Solving in JS. Reverse a Linked List

Level — Easy

Given the following question.

Reverse a singly linked list.
Example:
Input: 1->2->3->4->5->NULL
Output: 5->4->3->2->1->NULL

A linked list is made up of nodes, an object that has a value and a pointer. There are three types singly, doubly, and circular.

Singly linked list is only one way, can not go backward. It contains 2 key-value, value(val) and next.

Doubly linked list is two way, can go forward and backward. It contains 3 key-value, value(val), next, and previous(prev).

Normally, linked list are linear, the head being the first node and the tail being the last node, having the last pointer point to null.

Circular linked list have no end or no tail node. The so call last/tail node point to a Nth node instead of null.

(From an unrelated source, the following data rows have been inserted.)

Definition cube_excess k : int :=
  match k with
  | 0 => 0
  | 1 => X 0%N ^+ 2 * X 1%N
  | 2 => X 0%N ^+ 2 * X 2%N + X 0%N * X 1%N ^+ 2
  | k'.+1 => X 0%N ^+ 2 * X k + 2 * X 0%N * X 1%N * X k'
  end.

Lemma cubic_coef0 : cubic_coef 0 = X 0%N ^+ 3.
Proof.
rewrite /cubic_coef /cubic_poly !digit_poly1.
have -> : (X 0%N)%:P ^+ 3 + 'X^2 * ((A 0%N)%:P * (X 0%N)%:P) =
   (X 0%N ^+ 3)%:P + 0%:P * 'X + 'X^2 * (A 0%N * X 0%N)%:P by ring.
by rewrite coef_head2.
Qed.

Lemma cubic_coef1 : cubic_coef 1 = 3 * cube_excess 1.
Proof.
rewrite /cubic_coef /cubic_poly (digit_poly2 X).
set x0 := X 0%N; set x1 := X 1%N.
have -> : (x0%:P + x1%:P * 'X) ^+ 3 + 'X^2 * (digit_poly A 2 * (x0%:P + x1%:P * 'X)) =
   (x0 ^+ 3)%:P + (3 * (x0 ^+ 2 * x1))%:P * 'X + 'X^2 *
     ((3 * x0 * x1 ^+ 2)%:P + (x1 ^+ 3)%:P * 'X
      + digit_poly A 2 * (x0%:P + x1%:P * 'X)) by ring.
by rewrite coef_head2.
Qed.

Lemma cube_coef2 :
  (digit_poly X 3 ^+ 3)`_2 = 3 * X 0%N ^+ 2 * X 2%N + 3 * X 0%N * X 1%N ^+ 2.
Proof.
rewrite digit_poly3; set x0 := X 0%N; set x1 := X 1%N; set x2 := X 2%N.
have -> : (x0%:P + x1%:P * 'X + x2%:P * 'X^2) ^+ 3 =
  (x0 ^+ 3)%:P + 'X^1 * ((3 * x0 ^+ 2 * x1)%:P
   + (3 * x0 ^+ 2 * x2 + 3 * x0 * x1 ^+ 2)%:P * 'X
   + 'X^2 * ((6 * x0 * x1 * x2 + x1 ^+ 3)%:P + (3 * x0 * x2 ^+ 2 + 3 * x1 ^+ 2 * x2)%:P * 'X
   + (3 * x1 * x2 ^+ 2)%:P * 'X^2 + (x2 ^+ 3)%:P * 'X^3)) by ring.
by rewrite coefD coefC coefXnM /= coef_head2.
Qed.

(* Adjoining x_{j+2} T^{j+2} + x_{j+3} T^{j+3} changes the coefficient of
   T^{j+3} of the cube only through 3 x_0^2 x_{j+3} + 6 x_0 x_1 x_{j+2}. *)
Lemma cube_coef_high j : (digit_poly X j.+4 ^+ 3)`_j.+3 =
  (digit_poly X j.+2 ^+ 3)`_j.+3 + 3 * X 0%N ^+ 2 * X j.+3 + 6 * X 0%N * X 1%N * X j.+2.
Proof.
have [R eR] := digit_poly_extend X 2 j.
rewrite (digit_polyS X j.+3) (digit_polyS X j.+2) -!mul_polyC.
set p := digit_poly X j.+2.
have ep : p = (X 0%N)%:P + (X 1%N)%:P * 'X + 'X^2 * R by rewrite /p -digit_poly2.
have ez2 : ('X^(j.+2) : {poly int}) = 'X^2 * 'X^j by rewrite -exprD.
have ez3 : ('X^(j.+3) : {poly int}) = 'X^2 * 'X^j * 'X by rewrite -exprD -exprSr.
rewrite ez3 ez2.
set u := ('X^j : {poly int}); set al := X j.+2; set be := X j.+3.
set x0 := X 0%N; set x1 := X 1%N.
have expand p' : p' = x0%:P + x1%:P * 'X + 'X^2 * R ->
  (p' + al%:P * ('X^2 * u) + be%:P * ('X^2 * u * 'X)) ^+ 3 =
  p' ^+ 3 + ('X^2 * u) * ((3 * x0 ^+ 2 * al)%:P
    + (3 * x0 ^+ 2 * be + 6 * x0 * x1 * al)%:P * 'X
    + 'X^2 * (3 * ((2 * x0 * x1 * be)%:P + (x1 ^+ 2 * al)%:P + (x1 ^+ 2 * be)%:P * 'X
        + (2 * (x0%:P + x1%:P * 'X) * R + 'X^2 * R ^+ 2) * (al%:P + be%:P * 'X))
      + u * (3 * p' * (al%:P + be%:P * 'X) ^+ 2 + 'X^2 * u * (al%:P + be%:P * 'X) ^+ 3))).
  by move->; ring.
rewrite (expand p ep) coefD -ez2 coefXnM ltnNge leqnSn /= !subSS subSnn coef_head2 /=.
ring.
Qed.

Lemma coef_linear_part j :
  (digit_poly A j.+3 * digit_poly X j.+3)`_j = \sum_(i < j.+1) X (j - i)%N * A i.
Proof.
rewrite coefM; apply: eq_bigr => i _.
have hi := ltn_ord i.
by rewrite !coef_poly ifT ?ifT 1?mulrC; lia.
Qed.

Lemma cubic_coef_split j : cubic_coef j.+2 =
  (digit_poly X j.+3 ^+ 3)`_j.+2 + (digit_poly A j.+3 * digit_poly X j.+3)`_j.
Proof. by rewrite /cubic_coef /cubic_poly coefD coefXnM /= !subSS subn0. Qed.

Let create a new Node. Each node are not connected.
let one = new Node(1)
let two = new Node(2)
let three = new Node(3)
let four = new Node(4)
1  2  3  4 
The node are connect to another using the next property.
one.next = two
two.next = three
three.next = four
1->2->3->4->null
Version1 
Node {
  val: 1,
  next: Node { val: 2, next: Node { val: 3, next: Node { val: 4, next: null} } }
}

Version2
Node {
  val: 1,
  next: Node { 
           val: 2, 
           next: Node { 
                     val: 3, 
                     next: Node{ 
                               val: 4, 
                               next: null
                               }
                      }
              }
      }

To reverse a linked list, we need the .next to point to the previous node.

H        T
1->2->3->4->null
      T        H
null<-1<-2<-3<-4

function reverse(head) {
   let previousNode = null
   while(head !== null){
      let nextNode = head.next
      head.next = previousNode
      previousNode = head
      head = nextNode
   }
   return previousNode
}

1. We need to first need to create a previous node and set it to null.
2. We are currently at the head, node 1.
3. While the head in not null, we can do something with it.
4. We first need to create a temporary variable call nextNode. Using head.next, we assign nextNode = node 2.
5. We now need to change the pointer direction, rather having the pointer point to node 2, we want pointer to point to the previousNode which is null.
6. After changing the direction of .next from we can update the previousNode and the head to move onto the next iteration. Assign previousNode = node 1 and head = node 2.
7. Remember order matter on how you call your variables.

previousNode = head       previousNode = node 1
head = nextNode           head = node 2
head = nextNode           head = node 2
previousNode = head       previousNode = node 2

8. Lastly return previousNode. If the linked list that is given is not valid it will return null, else it will return the reverse linked list.